How to complete this task :: Would you reproduce exactly the lines below from the one holding "assert ((a *" through the one holding "Lemma Cnorm_Czero : Cnorm Czero = 0.", inclusive, and no others?

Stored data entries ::
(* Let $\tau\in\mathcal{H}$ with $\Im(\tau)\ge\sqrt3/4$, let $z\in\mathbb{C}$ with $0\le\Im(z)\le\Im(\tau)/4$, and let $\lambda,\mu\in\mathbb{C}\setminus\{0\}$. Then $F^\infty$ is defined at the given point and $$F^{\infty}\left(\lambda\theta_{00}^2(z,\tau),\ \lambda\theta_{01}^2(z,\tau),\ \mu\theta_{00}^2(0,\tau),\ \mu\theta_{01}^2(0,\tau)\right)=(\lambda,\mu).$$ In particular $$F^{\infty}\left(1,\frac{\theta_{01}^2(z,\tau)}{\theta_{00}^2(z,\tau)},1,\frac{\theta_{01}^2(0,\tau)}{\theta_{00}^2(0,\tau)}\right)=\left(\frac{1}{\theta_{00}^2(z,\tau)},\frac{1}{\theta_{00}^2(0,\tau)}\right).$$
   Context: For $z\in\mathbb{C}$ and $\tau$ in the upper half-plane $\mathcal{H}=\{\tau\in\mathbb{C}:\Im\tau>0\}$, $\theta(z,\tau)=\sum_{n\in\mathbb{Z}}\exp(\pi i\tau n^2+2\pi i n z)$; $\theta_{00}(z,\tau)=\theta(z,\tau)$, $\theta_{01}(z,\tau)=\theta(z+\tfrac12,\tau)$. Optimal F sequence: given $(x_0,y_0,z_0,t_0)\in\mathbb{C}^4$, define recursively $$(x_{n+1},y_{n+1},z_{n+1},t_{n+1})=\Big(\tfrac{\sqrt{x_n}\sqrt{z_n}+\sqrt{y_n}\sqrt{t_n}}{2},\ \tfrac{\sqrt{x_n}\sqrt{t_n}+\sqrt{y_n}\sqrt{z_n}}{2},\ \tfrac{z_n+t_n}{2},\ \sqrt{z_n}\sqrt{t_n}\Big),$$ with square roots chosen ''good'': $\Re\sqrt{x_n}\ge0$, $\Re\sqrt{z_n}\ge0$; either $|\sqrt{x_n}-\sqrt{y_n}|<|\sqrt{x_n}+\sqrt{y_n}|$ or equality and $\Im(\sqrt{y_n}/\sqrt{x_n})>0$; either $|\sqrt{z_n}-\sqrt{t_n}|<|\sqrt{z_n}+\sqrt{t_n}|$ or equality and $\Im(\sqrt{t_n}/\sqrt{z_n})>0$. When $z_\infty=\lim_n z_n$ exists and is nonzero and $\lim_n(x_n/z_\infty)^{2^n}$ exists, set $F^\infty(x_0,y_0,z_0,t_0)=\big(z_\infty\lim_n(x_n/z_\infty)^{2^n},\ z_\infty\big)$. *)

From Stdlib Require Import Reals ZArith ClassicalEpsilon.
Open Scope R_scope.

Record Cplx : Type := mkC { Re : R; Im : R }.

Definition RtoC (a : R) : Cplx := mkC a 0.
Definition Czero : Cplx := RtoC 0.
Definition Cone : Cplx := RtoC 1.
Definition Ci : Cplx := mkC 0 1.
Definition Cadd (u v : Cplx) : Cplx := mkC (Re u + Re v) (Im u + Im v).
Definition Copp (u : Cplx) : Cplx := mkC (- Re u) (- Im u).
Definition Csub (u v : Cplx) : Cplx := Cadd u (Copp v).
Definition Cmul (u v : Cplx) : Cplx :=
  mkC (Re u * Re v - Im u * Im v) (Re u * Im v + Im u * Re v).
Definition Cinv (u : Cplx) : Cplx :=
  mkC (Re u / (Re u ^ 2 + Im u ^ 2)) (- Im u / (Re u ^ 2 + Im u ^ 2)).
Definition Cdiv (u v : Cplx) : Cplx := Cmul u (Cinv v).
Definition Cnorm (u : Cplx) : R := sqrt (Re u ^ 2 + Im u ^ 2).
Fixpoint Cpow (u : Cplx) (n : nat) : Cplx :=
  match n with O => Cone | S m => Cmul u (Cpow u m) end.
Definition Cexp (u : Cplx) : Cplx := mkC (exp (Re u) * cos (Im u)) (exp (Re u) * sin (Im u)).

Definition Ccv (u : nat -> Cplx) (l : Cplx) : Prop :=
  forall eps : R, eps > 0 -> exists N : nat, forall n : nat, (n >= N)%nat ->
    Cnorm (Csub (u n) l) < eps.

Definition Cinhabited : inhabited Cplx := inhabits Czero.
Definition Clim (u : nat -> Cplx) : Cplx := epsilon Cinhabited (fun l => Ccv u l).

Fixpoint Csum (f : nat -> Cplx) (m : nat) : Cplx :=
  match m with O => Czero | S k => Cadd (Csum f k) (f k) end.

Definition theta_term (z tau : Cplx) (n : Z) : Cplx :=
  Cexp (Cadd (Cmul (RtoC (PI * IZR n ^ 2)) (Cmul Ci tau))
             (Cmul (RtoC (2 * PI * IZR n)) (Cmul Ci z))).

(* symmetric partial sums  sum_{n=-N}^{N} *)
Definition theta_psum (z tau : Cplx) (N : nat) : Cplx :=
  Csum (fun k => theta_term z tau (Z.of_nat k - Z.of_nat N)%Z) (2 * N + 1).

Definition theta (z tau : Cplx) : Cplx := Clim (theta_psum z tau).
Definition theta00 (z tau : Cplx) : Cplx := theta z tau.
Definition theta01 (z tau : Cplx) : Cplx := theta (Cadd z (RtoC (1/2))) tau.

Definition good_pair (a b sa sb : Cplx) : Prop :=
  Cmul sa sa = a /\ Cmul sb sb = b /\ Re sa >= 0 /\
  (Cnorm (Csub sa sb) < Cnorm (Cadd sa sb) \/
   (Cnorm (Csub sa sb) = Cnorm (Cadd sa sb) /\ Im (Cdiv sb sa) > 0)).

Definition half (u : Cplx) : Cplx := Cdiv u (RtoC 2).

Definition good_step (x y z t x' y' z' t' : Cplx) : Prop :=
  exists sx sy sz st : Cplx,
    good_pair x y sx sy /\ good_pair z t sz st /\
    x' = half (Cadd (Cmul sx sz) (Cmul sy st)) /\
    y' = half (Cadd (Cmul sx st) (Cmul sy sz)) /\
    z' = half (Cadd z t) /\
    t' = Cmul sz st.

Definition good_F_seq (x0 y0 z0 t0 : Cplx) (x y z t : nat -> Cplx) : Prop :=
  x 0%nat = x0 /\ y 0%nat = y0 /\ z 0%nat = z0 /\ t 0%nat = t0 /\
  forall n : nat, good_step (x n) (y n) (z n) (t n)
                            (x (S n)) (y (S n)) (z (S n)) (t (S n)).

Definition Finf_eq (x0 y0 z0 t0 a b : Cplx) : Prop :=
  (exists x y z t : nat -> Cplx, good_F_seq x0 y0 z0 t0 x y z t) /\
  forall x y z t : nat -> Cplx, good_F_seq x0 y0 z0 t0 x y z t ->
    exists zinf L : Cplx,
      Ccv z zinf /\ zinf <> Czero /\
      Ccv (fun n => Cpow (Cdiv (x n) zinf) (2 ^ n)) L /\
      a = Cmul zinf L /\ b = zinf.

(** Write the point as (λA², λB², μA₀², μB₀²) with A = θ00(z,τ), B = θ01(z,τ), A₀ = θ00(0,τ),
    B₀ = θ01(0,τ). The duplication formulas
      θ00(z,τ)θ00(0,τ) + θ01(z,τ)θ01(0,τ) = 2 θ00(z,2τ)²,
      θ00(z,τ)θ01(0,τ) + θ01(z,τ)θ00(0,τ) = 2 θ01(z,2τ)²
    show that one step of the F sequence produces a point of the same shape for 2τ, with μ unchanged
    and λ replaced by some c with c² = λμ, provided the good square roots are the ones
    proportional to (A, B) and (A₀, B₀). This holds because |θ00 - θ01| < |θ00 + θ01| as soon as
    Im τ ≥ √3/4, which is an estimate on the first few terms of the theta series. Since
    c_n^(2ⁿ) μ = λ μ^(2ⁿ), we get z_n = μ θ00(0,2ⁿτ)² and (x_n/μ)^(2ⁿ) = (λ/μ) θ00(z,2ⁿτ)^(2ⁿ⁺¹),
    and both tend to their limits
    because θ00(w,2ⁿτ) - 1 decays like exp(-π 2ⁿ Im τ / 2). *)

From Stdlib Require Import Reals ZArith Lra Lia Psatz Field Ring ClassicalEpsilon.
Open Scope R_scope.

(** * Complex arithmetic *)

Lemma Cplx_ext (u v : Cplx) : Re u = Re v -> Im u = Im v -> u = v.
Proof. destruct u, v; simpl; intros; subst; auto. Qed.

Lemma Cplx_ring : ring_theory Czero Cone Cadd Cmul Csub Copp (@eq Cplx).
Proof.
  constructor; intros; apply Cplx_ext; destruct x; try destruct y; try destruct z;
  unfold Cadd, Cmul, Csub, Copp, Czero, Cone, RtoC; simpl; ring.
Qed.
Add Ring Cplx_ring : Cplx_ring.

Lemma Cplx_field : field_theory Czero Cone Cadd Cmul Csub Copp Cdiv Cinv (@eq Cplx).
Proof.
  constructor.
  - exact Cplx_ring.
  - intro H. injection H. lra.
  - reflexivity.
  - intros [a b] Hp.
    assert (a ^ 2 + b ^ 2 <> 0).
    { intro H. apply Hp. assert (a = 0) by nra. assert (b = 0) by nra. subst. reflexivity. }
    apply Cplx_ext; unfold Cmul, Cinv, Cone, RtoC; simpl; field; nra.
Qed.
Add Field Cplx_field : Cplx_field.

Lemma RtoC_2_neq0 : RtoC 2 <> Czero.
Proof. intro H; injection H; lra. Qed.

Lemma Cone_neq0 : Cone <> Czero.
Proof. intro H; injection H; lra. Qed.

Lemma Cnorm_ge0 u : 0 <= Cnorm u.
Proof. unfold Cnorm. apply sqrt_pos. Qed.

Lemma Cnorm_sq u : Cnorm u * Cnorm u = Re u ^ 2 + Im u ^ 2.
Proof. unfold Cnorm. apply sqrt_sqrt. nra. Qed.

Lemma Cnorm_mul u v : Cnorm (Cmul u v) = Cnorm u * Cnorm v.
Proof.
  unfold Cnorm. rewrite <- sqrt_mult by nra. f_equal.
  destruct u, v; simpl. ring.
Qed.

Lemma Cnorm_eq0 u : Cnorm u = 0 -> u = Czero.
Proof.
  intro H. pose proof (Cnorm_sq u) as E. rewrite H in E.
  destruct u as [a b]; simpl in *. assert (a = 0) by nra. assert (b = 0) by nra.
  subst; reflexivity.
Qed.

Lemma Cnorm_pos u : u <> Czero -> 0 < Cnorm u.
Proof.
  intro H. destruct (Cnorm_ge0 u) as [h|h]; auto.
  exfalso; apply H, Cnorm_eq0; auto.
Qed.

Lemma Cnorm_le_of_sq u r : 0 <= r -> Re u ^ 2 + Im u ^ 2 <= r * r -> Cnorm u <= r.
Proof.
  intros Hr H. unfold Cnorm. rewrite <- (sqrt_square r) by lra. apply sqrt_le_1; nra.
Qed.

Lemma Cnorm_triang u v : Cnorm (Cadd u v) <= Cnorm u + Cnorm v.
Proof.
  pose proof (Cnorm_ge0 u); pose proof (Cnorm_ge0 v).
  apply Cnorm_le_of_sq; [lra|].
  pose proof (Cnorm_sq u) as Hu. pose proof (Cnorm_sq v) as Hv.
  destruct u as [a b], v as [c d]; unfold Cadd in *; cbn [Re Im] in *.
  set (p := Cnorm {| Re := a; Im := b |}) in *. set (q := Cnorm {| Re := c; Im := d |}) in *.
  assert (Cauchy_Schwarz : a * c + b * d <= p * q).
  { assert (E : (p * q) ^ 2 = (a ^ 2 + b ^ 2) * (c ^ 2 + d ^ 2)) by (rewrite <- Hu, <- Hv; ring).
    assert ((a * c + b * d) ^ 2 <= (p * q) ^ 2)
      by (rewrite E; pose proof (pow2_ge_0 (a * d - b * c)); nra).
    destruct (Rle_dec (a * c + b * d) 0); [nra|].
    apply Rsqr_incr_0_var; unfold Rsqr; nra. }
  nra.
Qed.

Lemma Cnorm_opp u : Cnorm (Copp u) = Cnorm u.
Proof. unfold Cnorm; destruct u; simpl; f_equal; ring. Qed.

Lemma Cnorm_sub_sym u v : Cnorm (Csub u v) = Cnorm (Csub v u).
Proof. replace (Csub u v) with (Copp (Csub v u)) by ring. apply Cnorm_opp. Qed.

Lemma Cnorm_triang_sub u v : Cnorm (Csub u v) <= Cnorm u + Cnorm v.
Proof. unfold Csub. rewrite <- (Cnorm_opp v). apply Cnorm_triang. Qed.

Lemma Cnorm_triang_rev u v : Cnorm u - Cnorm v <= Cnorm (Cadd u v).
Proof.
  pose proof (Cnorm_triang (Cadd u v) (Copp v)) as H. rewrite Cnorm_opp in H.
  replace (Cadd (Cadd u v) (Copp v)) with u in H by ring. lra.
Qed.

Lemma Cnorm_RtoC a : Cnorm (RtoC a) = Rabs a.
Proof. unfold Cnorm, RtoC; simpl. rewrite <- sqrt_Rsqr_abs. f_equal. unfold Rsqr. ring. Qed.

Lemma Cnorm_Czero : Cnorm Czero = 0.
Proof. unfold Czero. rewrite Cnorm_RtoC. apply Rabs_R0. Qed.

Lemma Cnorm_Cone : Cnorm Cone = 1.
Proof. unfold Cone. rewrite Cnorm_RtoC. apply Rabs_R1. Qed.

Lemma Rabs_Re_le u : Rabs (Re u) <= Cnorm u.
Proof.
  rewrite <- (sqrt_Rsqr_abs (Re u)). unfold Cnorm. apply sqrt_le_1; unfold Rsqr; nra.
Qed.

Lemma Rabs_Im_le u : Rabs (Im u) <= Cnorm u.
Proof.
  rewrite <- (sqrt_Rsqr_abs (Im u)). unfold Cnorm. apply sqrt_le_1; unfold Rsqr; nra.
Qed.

...

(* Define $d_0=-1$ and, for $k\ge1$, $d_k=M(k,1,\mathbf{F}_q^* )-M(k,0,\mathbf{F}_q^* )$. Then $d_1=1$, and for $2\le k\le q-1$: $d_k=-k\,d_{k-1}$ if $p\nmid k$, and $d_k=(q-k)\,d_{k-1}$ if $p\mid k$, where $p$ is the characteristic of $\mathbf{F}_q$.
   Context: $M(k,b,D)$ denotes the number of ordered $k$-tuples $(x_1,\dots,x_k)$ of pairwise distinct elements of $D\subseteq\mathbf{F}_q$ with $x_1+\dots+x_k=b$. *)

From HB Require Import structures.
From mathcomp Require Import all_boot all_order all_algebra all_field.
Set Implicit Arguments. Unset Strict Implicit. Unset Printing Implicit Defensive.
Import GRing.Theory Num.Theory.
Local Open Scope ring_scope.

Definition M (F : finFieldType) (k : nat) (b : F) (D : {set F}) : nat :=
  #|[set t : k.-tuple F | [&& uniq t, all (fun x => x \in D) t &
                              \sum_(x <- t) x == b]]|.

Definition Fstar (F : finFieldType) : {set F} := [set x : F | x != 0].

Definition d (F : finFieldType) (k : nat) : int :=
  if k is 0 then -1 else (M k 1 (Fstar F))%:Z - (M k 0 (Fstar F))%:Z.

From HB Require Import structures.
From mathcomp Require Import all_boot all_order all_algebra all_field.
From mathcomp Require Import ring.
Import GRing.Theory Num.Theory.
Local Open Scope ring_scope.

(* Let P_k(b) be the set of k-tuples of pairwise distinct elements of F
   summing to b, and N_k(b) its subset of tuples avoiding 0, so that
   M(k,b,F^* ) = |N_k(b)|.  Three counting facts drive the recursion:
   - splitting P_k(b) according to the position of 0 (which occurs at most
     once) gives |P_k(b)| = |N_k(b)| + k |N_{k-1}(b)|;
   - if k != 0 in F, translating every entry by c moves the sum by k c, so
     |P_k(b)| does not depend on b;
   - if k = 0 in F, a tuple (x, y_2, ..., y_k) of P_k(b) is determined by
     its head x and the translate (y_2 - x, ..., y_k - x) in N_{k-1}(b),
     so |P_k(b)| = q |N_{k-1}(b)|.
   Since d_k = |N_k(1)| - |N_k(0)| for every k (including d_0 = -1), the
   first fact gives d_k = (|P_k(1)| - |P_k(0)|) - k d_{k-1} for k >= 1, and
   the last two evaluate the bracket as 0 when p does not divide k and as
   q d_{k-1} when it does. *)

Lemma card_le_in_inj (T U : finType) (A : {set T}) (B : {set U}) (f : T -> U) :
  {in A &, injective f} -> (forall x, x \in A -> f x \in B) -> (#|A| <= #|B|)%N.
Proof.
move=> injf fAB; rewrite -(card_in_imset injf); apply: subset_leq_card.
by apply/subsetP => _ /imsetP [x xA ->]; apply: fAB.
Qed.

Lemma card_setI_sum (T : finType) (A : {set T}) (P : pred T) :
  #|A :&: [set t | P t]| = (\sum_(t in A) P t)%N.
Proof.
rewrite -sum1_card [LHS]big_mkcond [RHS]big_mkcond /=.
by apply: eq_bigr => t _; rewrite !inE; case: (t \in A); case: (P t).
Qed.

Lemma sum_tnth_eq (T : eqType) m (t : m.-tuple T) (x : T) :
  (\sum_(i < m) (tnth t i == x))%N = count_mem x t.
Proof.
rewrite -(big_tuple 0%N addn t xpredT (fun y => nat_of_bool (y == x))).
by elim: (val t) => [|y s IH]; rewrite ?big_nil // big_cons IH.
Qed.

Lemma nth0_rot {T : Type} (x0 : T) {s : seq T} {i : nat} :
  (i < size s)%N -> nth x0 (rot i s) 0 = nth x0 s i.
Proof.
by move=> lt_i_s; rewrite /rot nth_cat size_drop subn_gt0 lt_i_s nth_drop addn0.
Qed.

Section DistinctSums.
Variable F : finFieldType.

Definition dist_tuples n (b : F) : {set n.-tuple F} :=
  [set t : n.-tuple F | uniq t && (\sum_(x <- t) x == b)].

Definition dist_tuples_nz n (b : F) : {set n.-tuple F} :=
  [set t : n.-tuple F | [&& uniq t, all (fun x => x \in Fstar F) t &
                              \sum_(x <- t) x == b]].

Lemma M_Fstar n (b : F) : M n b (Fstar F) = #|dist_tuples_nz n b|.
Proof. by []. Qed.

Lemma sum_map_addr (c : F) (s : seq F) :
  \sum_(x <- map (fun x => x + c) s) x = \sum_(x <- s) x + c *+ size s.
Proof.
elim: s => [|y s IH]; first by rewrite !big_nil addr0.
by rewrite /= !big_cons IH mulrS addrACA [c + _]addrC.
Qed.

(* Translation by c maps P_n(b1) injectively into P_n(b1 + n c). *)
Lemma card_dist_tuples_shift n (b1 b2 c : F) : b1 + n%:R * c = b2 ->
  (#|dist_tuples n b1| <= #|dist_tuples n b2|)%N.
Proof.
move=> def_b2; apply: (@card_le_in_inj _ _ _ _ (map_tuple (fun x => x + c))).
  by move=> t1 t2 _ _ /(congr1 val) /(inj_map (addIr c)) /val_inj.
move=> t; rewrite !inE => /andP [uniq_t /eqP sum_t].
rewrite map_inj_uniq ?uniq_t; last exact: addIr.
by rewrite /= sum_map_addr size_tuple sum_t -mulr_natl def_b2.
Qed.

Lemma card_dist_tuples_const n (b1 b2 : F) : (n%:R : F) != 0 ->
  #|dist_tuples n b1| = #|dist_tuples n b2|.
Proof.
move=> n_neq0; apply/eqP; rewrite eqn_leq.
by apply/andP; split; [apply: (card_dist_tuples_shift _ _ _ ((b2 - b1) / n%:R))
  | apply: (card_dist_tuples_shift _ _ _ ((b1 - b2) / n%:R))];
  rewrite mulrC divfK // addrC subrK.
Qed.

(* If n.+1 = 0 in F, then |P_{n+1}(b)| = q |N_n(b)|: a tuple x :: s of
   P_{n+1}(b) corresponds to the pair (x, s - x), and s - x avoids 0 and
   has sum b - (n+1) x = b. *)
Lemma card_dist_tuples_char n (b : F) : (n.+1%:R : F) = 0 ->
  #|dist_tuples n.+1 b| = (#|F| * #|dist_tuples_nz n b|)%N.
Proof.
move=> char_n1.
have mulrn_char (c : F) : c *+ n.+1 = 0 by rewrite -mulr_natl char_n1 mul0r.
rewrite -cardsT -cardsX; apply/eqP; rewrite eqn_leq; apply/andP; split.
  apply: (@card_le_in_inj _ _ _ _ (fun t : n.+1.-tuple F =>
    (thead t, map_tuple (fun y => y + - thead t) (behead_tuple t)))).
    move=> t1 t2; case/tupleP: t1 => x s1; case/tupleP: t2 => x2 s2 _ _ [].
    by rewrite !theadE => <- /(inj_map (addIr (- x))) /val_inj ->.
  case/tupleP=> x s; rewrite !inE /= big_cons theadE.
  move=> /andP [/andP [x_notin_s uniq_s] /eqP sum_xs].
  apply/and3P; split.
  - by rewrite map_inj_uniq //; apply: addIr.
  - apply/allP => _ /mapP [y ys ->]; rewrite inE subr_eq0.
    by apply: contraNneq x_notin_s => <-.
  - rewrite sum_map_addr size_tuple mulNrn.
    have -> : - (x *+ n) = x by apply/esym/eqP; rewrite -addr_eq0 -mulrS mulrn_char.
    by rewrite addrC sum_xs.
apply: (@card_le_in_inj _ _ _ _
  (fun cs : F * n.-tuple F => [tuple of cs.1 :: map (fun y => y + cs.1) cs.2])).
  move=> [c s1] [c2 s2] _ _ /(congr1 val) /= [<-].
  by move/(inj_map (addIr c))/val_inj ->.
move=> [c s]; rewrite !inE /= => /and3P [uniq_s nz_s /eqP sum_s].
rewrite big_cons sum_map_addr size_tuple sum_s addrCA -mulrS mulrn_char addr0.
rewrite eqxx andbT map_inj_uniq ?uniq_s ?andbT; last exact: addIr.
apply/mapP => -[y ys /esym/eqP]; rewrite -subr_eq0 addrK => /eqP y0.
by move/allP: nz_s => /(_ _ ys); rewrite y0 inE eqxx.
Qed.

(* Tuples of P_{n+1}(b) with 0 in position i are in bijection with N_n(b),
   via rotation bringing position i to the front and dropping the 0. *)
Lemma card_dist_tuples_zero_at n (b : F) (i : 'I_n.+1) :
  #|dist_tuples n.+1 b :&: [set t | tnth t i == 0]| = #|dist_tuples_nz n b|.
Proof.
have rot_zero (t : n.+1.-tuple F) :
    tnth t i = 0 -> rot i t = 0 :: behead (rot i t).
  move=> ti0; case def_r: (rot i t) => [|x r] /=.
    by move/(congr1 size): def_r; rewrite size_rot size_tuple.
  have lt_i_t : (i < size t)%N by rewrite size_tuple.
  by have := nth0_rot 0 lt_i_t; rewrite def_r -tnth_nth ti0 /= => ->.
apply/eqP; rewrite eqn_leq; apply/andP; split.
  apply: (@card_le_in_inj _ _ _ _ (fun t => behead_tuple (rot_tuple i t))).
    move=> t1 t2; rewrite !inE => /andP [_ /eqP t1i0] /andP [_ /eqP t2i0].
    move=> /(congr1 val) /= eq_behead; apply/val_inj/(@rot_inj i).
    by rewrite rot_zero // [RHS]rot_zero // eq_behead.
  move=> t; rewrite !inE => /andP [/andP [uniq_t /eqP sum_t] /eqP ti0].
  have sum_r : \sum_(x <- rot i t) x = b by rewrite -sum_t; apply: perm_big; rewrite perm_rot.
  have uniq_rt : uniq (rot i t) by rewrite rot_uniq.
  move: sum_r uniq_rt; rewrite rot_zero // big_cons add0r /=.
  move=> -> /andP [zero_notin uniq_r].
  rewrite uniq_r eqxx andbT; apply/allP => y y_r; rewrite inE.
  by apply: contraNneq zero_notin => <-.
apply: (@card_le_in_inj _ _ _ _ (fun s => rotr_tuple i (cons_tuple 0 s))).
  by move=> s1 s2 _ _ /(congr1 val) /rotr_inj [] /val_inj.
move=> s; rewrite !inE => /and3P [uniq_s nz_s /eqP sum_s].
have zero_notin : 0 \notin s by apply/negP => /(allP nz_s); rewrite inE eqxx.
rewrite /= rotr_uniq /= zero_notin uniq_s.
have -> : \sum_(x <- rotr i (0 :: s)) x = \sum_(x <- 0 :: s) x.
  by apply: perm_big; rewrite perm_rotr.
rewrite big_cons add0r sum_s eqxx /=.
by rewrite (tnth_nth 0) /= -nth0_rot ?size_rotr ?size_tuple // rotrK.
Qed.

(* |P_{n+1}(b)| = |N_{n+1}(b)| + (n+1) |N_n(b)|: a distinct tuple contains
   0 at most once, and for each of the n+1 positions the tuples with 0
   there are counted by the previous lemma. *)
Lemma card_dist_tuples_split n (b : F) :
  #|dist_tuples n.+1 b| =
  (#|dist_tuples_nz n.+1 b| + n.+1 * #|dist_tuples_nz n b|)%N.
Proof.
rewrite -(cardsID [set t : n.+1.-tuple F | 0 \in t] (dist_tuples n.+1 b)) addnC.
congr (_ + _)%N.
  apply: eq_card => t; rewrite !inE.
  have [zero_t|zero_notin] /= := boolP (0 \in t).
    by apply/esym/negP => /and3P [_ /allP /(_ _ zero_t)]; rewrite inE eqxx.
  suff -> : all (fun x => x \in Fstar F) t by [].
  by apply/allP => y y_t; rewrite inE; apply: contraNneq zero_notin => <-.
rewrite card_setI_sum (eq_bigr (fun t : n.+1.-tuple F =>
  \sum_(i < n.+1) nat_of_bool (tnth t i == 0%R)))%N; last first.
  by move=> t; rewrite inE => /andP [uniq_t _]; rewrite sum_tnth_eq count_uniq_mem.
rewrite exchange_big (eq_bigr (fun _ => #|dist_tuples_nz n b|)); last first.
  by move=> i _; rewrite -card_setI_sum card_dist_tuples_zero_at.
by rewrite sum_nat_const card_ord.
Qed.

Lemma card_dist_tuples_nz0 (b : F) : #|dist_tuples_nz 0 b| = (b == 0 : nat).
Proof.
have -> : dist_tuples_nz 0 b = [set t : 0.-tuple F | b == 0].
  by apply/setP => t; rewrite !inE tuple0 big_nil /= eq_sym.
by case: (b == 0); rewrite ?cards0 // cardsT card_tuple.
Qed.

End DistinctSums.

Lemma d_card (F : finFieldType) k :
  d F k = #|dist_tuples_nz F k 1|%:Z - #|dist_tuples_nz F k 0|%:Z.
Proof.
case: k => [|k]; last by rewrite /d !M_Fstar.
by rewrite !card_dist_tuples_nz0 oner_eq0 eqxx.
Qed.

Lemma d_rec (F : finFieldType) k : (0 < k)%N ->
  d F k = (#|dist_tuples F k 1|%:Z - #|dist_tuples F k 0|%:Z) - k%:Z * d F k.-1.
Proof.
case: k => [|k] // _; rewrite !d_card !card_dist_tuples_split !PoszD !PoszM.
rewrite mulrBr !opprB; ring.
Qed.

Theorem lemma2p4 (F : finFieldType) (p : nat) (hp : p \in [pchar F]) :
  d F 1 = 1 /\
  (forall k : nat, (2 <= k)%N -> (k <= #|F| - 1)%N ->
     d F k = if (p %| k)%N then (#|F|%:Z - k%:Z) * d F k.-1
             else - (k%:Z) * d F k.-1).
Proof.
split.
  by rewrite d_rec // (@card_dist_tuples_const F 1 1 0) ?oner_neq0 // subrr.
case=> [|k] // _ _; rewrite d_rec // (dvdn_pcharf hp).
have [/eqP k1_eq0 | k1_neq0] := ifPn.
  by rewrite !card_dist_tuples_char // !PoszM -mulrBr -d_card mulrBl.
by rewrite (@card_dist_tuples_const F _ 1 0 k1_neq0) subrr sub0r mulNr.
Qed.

Response box ::
    assert ((a * c + b * d) ^ 2 <= (p * q) ^ 2)
      by (rewrite E; pose proof (pow2_ge_0 (a * d - b * c)); nra).
    destruct (Rle_dec (a * c + b * d) 0); [nra|].
    apply Rsqr_incr_0_var; unfold Rsqr; nra. }
  nra.
Qed.

Lemma Cnorm_opp u : Cnorm (Copp u) = Cnorm u.
Proof. unfold Cnorm; destruct u; simpl; f_equal; ring. Qed.

Lemma Cnorm_sub_sym u v : Cnorm (Csub u v) = Cnorm (Csub v u).
Proof. replace (Csub u v) with (Copp (Csub v u)) by ring. apply Cnorm_opp. Qed.

Lemma Cnorm_triang_sub u v : Cnorm (Csub u v) <= Cnorm u + Cnorm v.
Proof. unfold Csub. rewrite <- (Cnorm_opp v). apply Cnorm_triang. Qed.

Lemma Cnorm_triang_rev u v : Cnorm u - Cnorm v <= Cnorm (Cadd u v).
Proof.
  pose proof (Cnorm_triang (Cadd u v) (Copp v)) as H. rewrite Cnorm_opp in H.
  replace (Cadd (Cadd u v) (Copp v)) with u in H by ring. lra.
Qed.

Lemma Cnorm_RtoC a : Cnorm (RtoC a) = Rabs a.
Proof. unfold Cnorm, RtoC; simpl. rewrite <- sqrt_Rsqr_abs. f_equal. unfold Rsqr. ring. Qed.

Lemma Cnorm_Czero : Cnorm Czero = 0.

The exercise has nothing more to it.